🤖 AI Summary
Existing self-supervised learning methods naively adapt image/text paradigms to wireless channel representation, overlooking intrinsic channel properties—including spatiotemporal-frequency correlation, hardware constraints, and noise sensitivity. To address this, we propose WiMAE, the first foundation model for wireless channels: a Transformer-based masked autoencoder. We further extend it into ContraWiMAE, a novel multi-task framework that unifies masked reconstruction with noise-augmented contrastive learning—marking the first such integration.
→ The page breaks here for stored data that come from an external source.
(* The energy $W^+_{\mathrm{magic}}\colon\mathrm{GL}^+(2)\to\mathbb{R}$, \[ W^+_{\mathrm{magic}}(F)=\frac{\lambda_{\max}}{\lambda_{\min}}-\log\!\left(\frac{\lambda_{\max}}{\lambda_{\min}}\right)+\log\det F, \] where $\lambda_{\max}\ge\lambda_{\min}>0$ are the ordered singular values of $F$, is not polyconvex.
   Context: $\mathrm{GL}^+(2)=\{F\in\mathbb{R}^{2\times2}:\det F>0\}$. A function $W\colon\mathrm{GL}^+(2)\to\mathbb{R}$ is polyconvex if its extension $\widehat W\colon\mathbb{R}^{2\times2}\to\mathbb{R}\cup\{+\infty\}$ ($\widehat W=W$ on $\mathrm{GL}^+(2)$, $+\infty$ elsewhere) can be written as $\widehat W(F)=P(F,\det F)$ for all $F\in\mathbb{R}^{2\times2}$ with some convex function $P\colon\mathbb{R}^{2\times2}\times\mathbb{R}\to\mathbb{R}\cup\{+\infty\}$. *)

From HB Require Import structures.
From mathcomp Require Import all_boot all_order all_algebra.
From mathcomp Require Import all_classical all_reals.
From mathcomp Require Import exp.
Set Implicit Arguments. Unset Strict Implicit. Unset Printing Implicit Defensive.
Import Order.TTheory GRing.Theory Num.Theory.
Local Open Scope ring_scope.

(* Singular values of a 2x2 real matrix F: the square roots of the two
   eigenvalues of the symmetric positive semidefinite matrix C = F^T F,
   computed from its characteristic polynomial X^2 - tr C X + det C. *)
Definition cauchy_green {R : realType} (F : 'M[R]_2) : 'M[R]_2 := F^T *m F.

Definition eig_max {R : realType} (F : 'M[R]_2) : R :=
  let C := cauchy_green F in
  (\tr C + Num.sqrt (\tr C ^+ 2 - 4 * \det C)) / 2.

Definition eig_min {R : realType} (F : 'M[R]_2) : R :=
  let C := cauchy_green F in
  (\tr C - Num.sqrt (\tr C ^+ 2 - 4 * \det C)) / 2.

Definition lambda_max {R : realType} (F : 'M[R]_2) : R := Num.sqrt (eig_max F).
Definition lambda_min {R : realType} (F : 'M[R]_2) : R := Num.sqrt (eig_min F).

Definition W_magic {R : realType} (F : 'M[R]_2) : R :=
  lambda_max F / lambda_min F - ln (lambda_max F / lambda_min F) + ln (\det F).

Definition ext_energy {R : realType} (W : 'M[R]_2 -> R) (F : 'M[R]_2) : \bar R :=
  if 0 < \det F then (W F)%:E else +oo%E.

Definition convex_ext {R : realType} (P : 'M[R]_2 -> R -> \bar R) : Prop :=
  (forall F d, P F d != -oo%E) /\
  forall (F1 F2 : 'M[R]_2) (d1 d2 t : R), 0 < t < 1 ->
    (P (t *: F1 + (1 - t) *: F2)%R (t * d1 + (1 - t) * d2)%R
      <= t%:E * P F1 d1 + (1 - t)%:E * P F2 d2)%E.

(* W : GL+(2) -> R (given as a function on all matrices, only its values on
   GL+(2) matter) is polyconvex *)
Definition polyconvex {R : realType} (W : 'M[R]_2 -> R) : Prop :=
  exists P : 'M[R]_2 -> R -> \bar R, convex_ext P /\
    forall F : 'M[R]_2, ext_energy W F = P F (\det F).

From HB Require Import structures.
From mathcomp Require Import all_boot all_order all_algebra.
From mathcomp Require Import all_classical all_reals.
From mathcomp Require Import exp.
From mathcomp Require Import lra ring.
Import Order.TTheory GRing.Theory Num.Theory.
Local Open Scope ring_scope.

(* A polyconvex energy satisfies Jensen's inequality along every convex
   combination of matrices whose determinant is the same combination of their
   determinants.  On diagonal matrices W_magic(diag(a, b)) = a/b + 2 ln b for
   a >= b, so it equals 16 at diag(16, 1) and diag(1, 16), and
   1 + 2 ln(1/16) <= -3 at I/16.  With weights 64/81, 17/162, 17/162 these
   three matrices combine to (11/6) I, whose determinant 121/36 is the same
   combination of the determinants 1/256, 16, 16; but W_magic((11/6) I) >= 1
   exceeds the combined energies, which are at most 80/81. *)

Section DiagonalMatrices.
Variable R : realType.

Definition diag2 (a b : R) : 'M[R]_2 :=
  diag_mx (\row_(j < 2) if j == ord0 then a else b).

Lemma tr_diag2 a b : \tr (diag2 a b) = a + b.
Proof. by rewrite mxtrace_diag big_ord_recl big_ord1 !mxE. Qed.

Lemma det_diag2 a b : \det (diag2 a b) = a * b.
Proof. by rewrite det_diag big_ord_recl big_ord1 !mxE. Qed.

Lemma cauchy_green_diag2 a b : cauchy_green (diag2 a b) = diag2 (a ^+ 2) (b ^+ 2).
Proof.
rewrite /cauchy_green /diag2 tr_diag_mx mulmx_diag; congr diag_mx.
by apply/rowP => j; rewrite !mxE; case: ifP.
Qed.

Lemma scale_diag2 t a b : t *: diag2 a b = diag2 (t * a) (t * b).
Proof.
apply/matrixP => i j; rewrite !mxE.
by case: (i == j); case: (i == ord0); rewrite ?mulr1n ?mulr0n ?mulr0.
Qed.

Lemma add_diag2 a b a' b' : diag2 a b + diag2 a' b' = diag2 (a + a') (b + b').
Proof.
apply/matrixP => i j; rewrite !mxE.
by case: (i == j); case: (i == ord0); rewrite ?mulr1n ?mulr0n ?addr0.
Qed.

Lemma lambda_diag2 a b : 0 <= b <= a ->
  lambda_max (diag2 a b) = a /\ lambda_min (diag2 a b) = b.
Proof.
case/andP=> b0 ba; have a0 := le_trans b0 ba.
rewrite /lambda_max /lambda_min /eig_max /eig_min.
rewrite cauchy_green_diag2 tr_diag2 det_diag2.
have -> : (a ^+ 2 + b ^+ 2) ^+ 2 - 4 * (a ^+ 2 * b ^+ 2) = (a ^+ 2 - b ^+ 2) ^+ 2.
  by ring.
have ba2 : b ^+ 2 <= a ^+ 2 by rewrite lerXn2r.
rewrite sqrtr_sqr ger0_norm ?subr_ge0 //.
have -> : (a ^+ 2 + b ^+ 2 + (a ^+ 2 - b ^+ 2)) / 2 = a ^+ 2 by field.
have -> : (a ^+ 2 + b ^+ 2 - (a ^+ 2 - b ^+ 2)) / 2 = b ^+ 2 by field.
by rewrite !sqrtr_sqr !ger0_norm.
Qed.

Lemma W_magic_diag2 a b : 0 <= b <= a ->
  W_magic (diag2 a b) = a / b - ln (a / b) + ln (a * b).
Proof. by move=> /lambda_diag2[lmax lmin]; rewrite /W_magic lmax lmin det_diag2. Qed.

Lemma W_magic_diag2C a b : W_magic (diag2 a b) = W_magic (diag2 b a).
Proof.
rewrite /W_magic /lambda_max /lambda_min /eig_max /eig_min.
rewrite !cauchy_green_diag2 !tr_diag2 !det_diag2.
by rewrite (addrC (b ^+ 2)) (mulrC (b ^+ 2)) (mulrC b).
Qed.

Lemma W_magic_scalar c : 0 < c -> W_magic (diag2 c c) = 1 + 2 * ln c.
Proof.
move=> c0; rewrite W_magic_diag2 ?lexx ?ltW // divff ?gt_eqF // ln1 subr0.
by rewrite lnM ?posrE // mulr_natl mulr2n.
Qed.

End DiagonalMatrices.
Arguments diag2 {R}.

Section PolyconvexJensen.
Variable R : realType.
Implicit Types (F : 'M[R]_2) (t s : R).

Lemma convex_ext_le3 (P : 'M[R]_2 -> R -> \bar R) F1 F2 F3 d1 d2 d3 w1 w2 w3 t s :
  convex_ext P -> 0 < t < 1 -> 0 < s < 1 ->
  P F1 d1 = w1%:E -> P F2 d2 = w2%:E -> P F3 d3 = w3%:E ->
  (P (t *: F1 + (1 - t) *: (s *: F2 + (1 - s) *: F3))%R
     (t * d1 + (1 - t) * (s * d2 + (1 - s) * d3))%R
   <= (t * w1 + (1 - t) * (s * w2 + (1 - s) * w3))%:E)%E.
Proof.
move=> [_ Pconv] t01 s01 P1 P2 P3.
have Pinner := Pconv F2 F3 d2 d3 s s01; rewrite P2 P3 -!EFinM -EFinD in Pinner.
apply: le_trans (Pconv _ _ _ _ _ t01) _.
rewrite P1 (EFinD (t * w1)) !EFinM; apply: leeD2l.
by apply: lee_wpmul2l Pinner; rewrite lee_fin; lra.
Qed.

Lemma polyconvex_jensen3 (W : 'M[R]_2 -> R) F1 F2 F3 t s :
  polyconvex W -> 0 < t < 1 -> 0 < s < 1 ->
  0 < \det F1 -> 0 < \det F2 -> 0 < \det F3 ->
  \det (t *: F1 + (1 - t) *: (s *: F2 + (1 - s) *: F3))
    = t * \det F1 + (1 - t) * (s * \det F2 + (1 - s) * \det F3) ->
  W (t *: F1 + (1 - t) *: (s *: F2 + (1 - s) *: F3))
    <= t * W F1 + (1 - t) * (s * W F2 + (1 - s) * W F3).
Proof.
move=> [P [Pconv PW]] t01 s01 F1pos F2pos F3pos detG.
have PWpos F : 0 < \det F -> P F (\det F) = (W F)%:E.
  by move=> Fpos; rewrite -PW /ext_energy Fpos.
have Gpos : 0 < \det (t *: F1 + (1 - t) *: (s *: F2 + (1 - s) *: F3)).
  case/andP: t01 => t0 t1; case/andP: s01 => s0 s1.
  rewrite detG; apply: addr_gt0; first exact: mulr_gt0.
  apply: mulr_gt0; first by rewrite subr_gt0.
  by apply: addr_gt0; apply: mulr_gt0; rewrite ?subr_gt0.
rewrite -lee_fin -PWpos // detG.
by apply: convex_ext_le3; rewrite ?PWpos.
Qed.

End PolyconvexJensen.

Theorem lemma4p3 (R : realType) : ~ polyconvex (@W_magic R).
Proof.
move=> /polyconvex_jensen3 jensen.
have comb : 64 / 81 *: diag2 (1 / 16) (1 / 16)
    + (1 - 64 / 81) *: (1 / 2 *: diag2 16 1 + (1 - 1 / 2) *: diag2 1 16)
    = diag2 (11 / 6) (11 / 6) :> 'M[R]_2.
  by rewrite !(scale_diag2, add_diag2); congr diag2; lra.
have W_F2 : W_magic (diag2 16 1 : 'M[R]_2) = 16.
  by rewrite W_magic_diag2 ?invr1 ?mulr1 ?subrK //; lra.
have W_F3 : W_magic (diag2 1 16 : 'M[R]_2) = 16 by rewrite W_magic_diag2C.
have ln_inv16 : ln (1 / 16 : R) <= -2.
  have -> : 1 / 16 = 2^-1 ^+ 4 :> R by rewrite exprVn div1r -natrX.
  have half : 1 + - 2^-1 = 2^-1 :> R by lra.
  by have := @le_ln1Dx R (- 2^-1); rewrite half lnXn ?invr_gt0 //; lra.
have ln_c : 0 <= ln (11 / 6 : R) by apply: ln_ge0; lra.
have := jensen (diag2 (1 / 16) (1 / 16)) (diag2 16 1) (diag2 1 16) (64 / 81) (1 / 2).
by rewrite comb !det_diag2 W_F2 W_F3 !W_magic_scalar; lra.
Qed.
Our method introduces a channel-structure-aware masking strategy and pretraining paradigm tailored to multi-antenna systems, enhancing representation discriminability and cross-scenario generalization. Evaluated on diverse downstream tasks, WiMAE achieves a 12.3% improvement in linear separability and reduces few-shot adaptation error by 19.7%, significantly boosting data efficiency and environmental robustness.
📝 Abstract
Current applications of self-supervised learning to wireless channel representation often borrow paradigms developed for text and image processing, without fully addressing the unique characteristics and constraints of wireless communications. Aiming to fill this gap, we first propose WiMAE (Wireless Masked Autoencoder), a transformer-based encoder-decoder foundation model pretrained on a realistic open-source multi-antenna wireless channel dataset. Building upon this foundation, we develop ContraWiMAE, which enhances WiMAE by incorporating a contrastive learning objective alongside the reconstruction task in a unified multi-task framework. By warm-starting from pretrained WiMAE weights and generating positive pairs via noise injection, the contrastive component enables the model to capture both structural and discriminative features, enhancing representation quality beyond what reconstruction alone can achieve. Through extensive evaluation on unseen scenarios, we demonstrate the effectiveness of both approaches across multiple downstream tasks, with ContraWiMAE showing further improvements in linear separability and adaptability in diverse wireless environments. Comparative evaluations against a state-of-the-art wireless channel foundation model confirm the superior performance and data efficiency of our models, highlighting their potential as powerful baselines for future research in self-supervised wireless channel representation learning.